¹⁶O₂-¹⁸O₂ difference traces of oxy-ND/CYP17A1 samples with 17OH-PREG irradiated and annealed at 165 K in H₂O buffer (A), in D₂O buffer (B), annealed at 190 K in H₂O buffer (C), and in D₂O buffer (D). Spectra were measured with a 413.1-nm excitation line at 77 K. The total collection time of each spectrum was 6–8 h. The ν(O-O) modes of residual ferrous dioxygen adducts at 1,135 cm⁻¹ and 1,070 cm⁻¹ were used as internal standards to evaluate the intensity increase of the new oxygen-sensitive species at around 790 cm⁻¹.

Fig.
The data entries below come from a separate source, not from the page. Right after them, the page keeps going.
(* Let $Y$ be a Hilbert space and $r=2$. Let $F$ be Fréchet differentiable and satisfy Assumption (A4) with constants $\rho$ and $K$, and assume $\mathcal M_\rho$ is contained in the interior of $\mathcal D(F)$. Let $y^\delta\in Y$, $\alpha>0$, let $x_\alpha^\delta$ be a minimizer of $\|F(x)-y^\delta\|^2+\alpha\mathcal R(x)$ over $\mathcal D(F)$ and $x_\alpha$ a minimizer of $\|F(x)-y\|^2+\alpha\mathcal R(x)$ over $\mathcal D(F)$, and assume $x^\delta_\alpha,x_\alpha\in\mathcal M_\rho$. Then $\xi_\alpha:=\frac{2}{\alpha}F'(x_\alpha)^*(y-F(x_\alpha))\in\partial\mathcal R(x_\alpha)$ and $$\|F(x^\delta_\alpha)-y^\delta+y-F(x_\alpha)\|^2+2\alpha\Big(1-\frac{4K^2\|F(x_\alpha)-y\|^2}{\alpha}\Big)D_{\xi_\alpha}\mathcal R(x^\delta_\alpha,x_\alpha)\le3\|y^\delta-y\|^2.$$
   Context: Setting: $X$ is a reflexive Banach space, $Y$ a Hilbert space (identified with its dual, so $F'(x)^*:Y\to X^*$), $F:\mathcal D(F)\subset X\to Y$ weakly closed, $\mathcal R:X\to[0,\infty]$ proper, lower semicontinuous, convex; $F(x)=y$ has a solution in $\mathcal D(\mathcal R)$ and $x^\dagger$ is an $\mathcal R$-minimizing solution (a solution minimizing $\mathcal R$ among all solutions of $F(x)=y$). $\partial\mathcal R$ is the subdifferential and $D_\xi\mathcal R(\bar x,x)=\mathcal R(\bar x)-\mathcal R(x)-\langle\xi,\bar x-x\rangle$ for $\xi\in\partial\mathcal R(x)$. $\mathcal M_\rho:=\{x\in\mathcal D(F):\mathcal R(x)<\rho\}$. Assumption (A4): $F$ is Fréchet differentiable with derivative $F'$, and there exist $\rho>\mathcal R(x^\dagger)$ and $K\ge0$ such that $\|F(\bar x)-F(x)-F'(x)(\bar x-x)\|\le K[D_\xi\mathcal R(\bar x,x)]^{1/2}\|F(\bar x)-F(x)\|$ for all $\bar x,x\in\mathcal M_\rho$ and all $\xi\in\partial\mathcal R(x)$. *)

From Stdlib Require Import Reals Lra.
Open Scope R_scope.

Record NormedSpace := mkNormedSpace {
  ns_car :> Type;
  ns_zero : ns_car;
  ns_add : ns_car -> ns_car -> ns_car;
  ns_opp : ns_car -> ns_car;
  ns_scal : R -> ns_car -> ns_car;
  ns_norm : ns_car -> R;
  ns_add_assoc : forall u v w, ns_add u (ns_add v w) = ns_add (ns_add u v) w;
  ns_add_comm : forall u v, ns_add u v = ns_add v u;
  ns_add_zero : forall u, ns_add u ns_zero = u;
  ns_add_opp : forall u, ns_add u (ns_opp u) = ns_zero;
  ns_scal_assoc : forall a b u, ns_scal a (ns_scal b u) = ns_scal (a * b) u;
  ns_scal_one : forall u, ns_scal 1 u = u;
  ns_scal_distr_l : forall a u v, ns_scal a (ns_add u v) = ns_add (ns_scal a u) (ns_scal a v);
  ns_scal_distr_r : forall a b u, ns_scal (a + b) u = ns_add (ns_scal a u) (ns_scal b u);
  ns_norm_eq0 : forall u, ns_norm u = 0 -> u = ns_zero;
  ns_norm_triangle : forall u v, ns_norm (ns_add u v) <= ns_norm u + ns_norm v;
  ns_norm_scal : forall a u, ns_norm (ns_scal a u) = Rabs a * ns_norm u
}.

Definition ns_sub (X : NormedSpace) (u v : X) : X := ns_add X u (ns_opp X v).

Record HilbertSpace := mkHilbertSpace {
  hs_car :> Type;
  hs_zero : hs_car;
  hs_add : hs_car -> hs_car -> hs_car;
  hs_opp : hs_car -> hs_car;
  hs_scal : R -> hs_car -> hs_car;
  hs_inner : hs_car -> hs_car -> R;
  hs_add_assoc : forall u v w, hs_add u (hs_add v w) = hs_add (hs_add u v) w;
  hs_add_comm : forall u v, hs_add u v = hs_add v u;
  hs_add_zero : forall u, hs_add u hs_zero = u;
  hs_add_opp : forall u, hs_add u (hs_opp u) = hs_zero;
  hs_scal_assoc : forall a b u, hs_scal a (hs_scal b u) = hs_scal (a * b) u;
  hs_scal_one : forall u, hs_scal 1 u = u;
  hs_scal_distr_l : forall a u v, hs_scal a (hs_add u v) = hs_add (hs_scal a u) (hs_scal a v);
  hs_scal_distr_r : forall a b u, hs_scal (a + b) u = hs_add (hs_scal a u) (hs_scal b u);
  hs_inner_sym : forall u v, hs_inner u v = hs_inner v u;
  hs_inner_add_l : forall u v w, hs_inner (hs_add u v) w = hs_inner u w + hs_inner v w;
  hs_inner_scal_l : forall a u v, hs_inner (hs_scal a u) v = a * hs_inner u v;
  hs_inner_pos : forall u, 0 <= hs_inner u u;
  hs_inner_eq0 : forall u, hs_inner u u = 0 -> u = hs_zero
}.

Definition hs_sub (Y : HilbertSpace) (u v : Y) : Y := hs_add Y u (hs_opp Y v).
Definition hs_norm (Y : HilbertSpace) (u : Y) : R := sqrt (hs_inner Y u u).

Definition ns_complete (X : NormedSpace) : Prop :=
  forall u : nat -> X,
    (forall eps, eps > 0 -> exists N, forall m n, (m >= N)%nat -> (n >= N)%nat ->
        ns_norm X (ns_sub X (u m) (u n)) < eps) ->
    exists x : X, forall eps, eps > 0 -> exists N, forall n, (n >= N)%nat ->
        ns_norm X (ns_sub X (u n) x) < eps.

Definition hs_complete (Y : HilbertSpace) : Prop :=
  forall u : nat -> Y,
    (forall eps, eps > 0 -> exists N, forall m n, (m >= N)%nat -> (n >= N)%nat ->
        hs_norm Y (hs_sub Y (u m) (u n)) < eps) ->
    exists x : Y, forall eps, eps > 0 -> exists N, forall n, (n >= N)%nat ->
        hs_norm Y (hs_sub Y (u n) x) < eps.

Definition is_dual (X : NormedSpace) (f : X -> R) : Prop :=
  (forall u v, f (ns_add X u v) = f u + f v) /\
  (forall a u, f (ns_scal X a u) = a * f u) /\
  (exists M, forall u, Rabs (f u) <= M * ns_norm X u).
S7.

rR spectra of irradiated and annealed at 190 K oxy-ND/CYP17A1 samples with PREG, ¹⁶O₂/H₂O (A), ¹⁸O₂/H₂O (B), and their difference traces. Spectra were measured with a 406-nm excitation line at 77 K. The total collection time of each spectrum was 4 h. The spectra show only the presence of ν(O-O) modes of the residual precursor dioxygen adducts. In contrast to the case with 17OH-PREG–bound samples (Fig. 5), which displayed a 791-cm⁻¹ mode of the peroxo-hemiacetal intermediate, and whose intensity was comparable to the intensity of the residual dioxygen adduct, there are no oxygen-sensitive modes observed near 790 cm⁻¹ in the difference trace.

Fig. S8.

rR spectra of irradiated and annealed at 190 K oxy-ND/CYP17A1 samples with 17OH-PREG, ¹⁶O₂/H₂O (A), ¹⁶O¹⁸O (B), and their difference traces. Spectra were measured with a 406-nm excitation line at 77 K. The total collection time of each spectrum was 8 h. SC, scrambled oxygen.